_DATA PROVIDED_
Lemma Hi_cvg0_of_Hd_cvg0 (A : nat -> set X) (B : set X) : (forall n, A n !=set0) ->
  (fun n => Hd p (A n) B) @ \oo --> 0%E ->
  forall i, (fun n => Hi p i (A n) B) @ \oo --> 0%E.
Proof.
move=> A0 cvgA i; apply: le_cvge0 => [n|e e0]; first exact: Hi_ge0.
have [d d0 hd] := Hi_small_of_Hd_small hsn i e0.
by have [N hN] := cvge0_le cvgA d0; exists N => n /hN /hd.
Qed.

Lemma Hd_cvg0_of_Hi_cvg0 (A : nat -> set X) (B : set X) : (forall n, A n !=set0) ->
  (forall i, (fun n => Hi p i (A n) B) @ \oo --> 0%E) ->
  (fun n => Hd p (A n) B) @ \oo --> 0%E.
Proof.
move=> A0 cvgA; apply: le_cvge0 => [n|e e0]; first exact: Hd_ge0.
have [M [d d0 hd]] := Hd_small_of_Hi_small hsn hmono e0.
by have [N hN] := cvge0_le (cvgA M) d0; exists N => n /hN /hd.
Qed.

Lemma Hi_cvg0_of_diagonal_bound (T : nat -> set X) (B : set X) J :
  (forall n, T n !=set0) ->
  (forall j, (J <= j)%N -> (Hi p j (T j) B <= (j.+1%:R^-1 + j.+1%:R^-1)%:E)%E) ->
  forall i, (fun n => Hi p i (T n) B) @ \oo --> 0%E.
Proof.
move=> T0 bound i; apply: le_cvge0 => [n|e e0]; first exact: Hi_ge0.
pose K := Num.Def.archi_bound (2 / e).
have hK : 2 / e < K%:R by apply: archi_boundP; rewrite divr_ge0 // ltW.
exists (maxn J (maxn i K)) => n; rewrite !geq_max => /and3P[Jn iN KN].
apply: (Hi_mono (hmono iN)); apply: le_trans (bound n Jn) _; rewrite lee_fin.
have -> : n.+1%:R^-1 + n.+1%:R^-1 = 2 / n.+1%:R :> R by rewrite mulrC mulr_natr mulr2n.
rewrite ler_pdivrMr ?ltr0n //.
move: hK; rewrite ltr_pdivrMr // => /ltW /le_trans; apply.
by rewrite mulrC ler_pM2l // ler_nat (leq_trans KN).
Qed.

Lemma bochner_totally_measurable (G : R -> set X) :
  bochner_measurable p G <-> totally_measurable p G.
Proof.
split=> -[Gn [sG aeG]]; exists Gn; split => //.
  move=> i; apply: (ae01_mono aeG) => t t01 /Hi_cvg0_of_Hd_cvg0; apply.
  by move=> n; exact: simple_multi_neq0 (sG n) t01.
apply: (ae01_mono (ae01_all aeG)) => t t01; apply: Hd_cvg0_of_Hi_cvg0.
by move=> n; exact: simple_multi_neq0 (sG n) t01.
Qed.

_REQUIRED WORK_
Once you find the line containing "move=> i; apply: (ae01_mono", copy it and every line after it through the end of the records, exactly as they stand.

_EXERCISE RESULT_
  move=> i; apply: (ae01_mono aeG) => t t01 /Hi_cvg0_of_Hd_cvg0; apply.
  by move=> n; exact: simple_multi_neq0 (sG n) t01.
apply: (ae01_mono (ae01_all aeG)) => t t01; apply: Hd_cvg0_of_Hi_cvg0.
by move=> n; exact: simple_multi_neq0 (sG n) t01.
Qed.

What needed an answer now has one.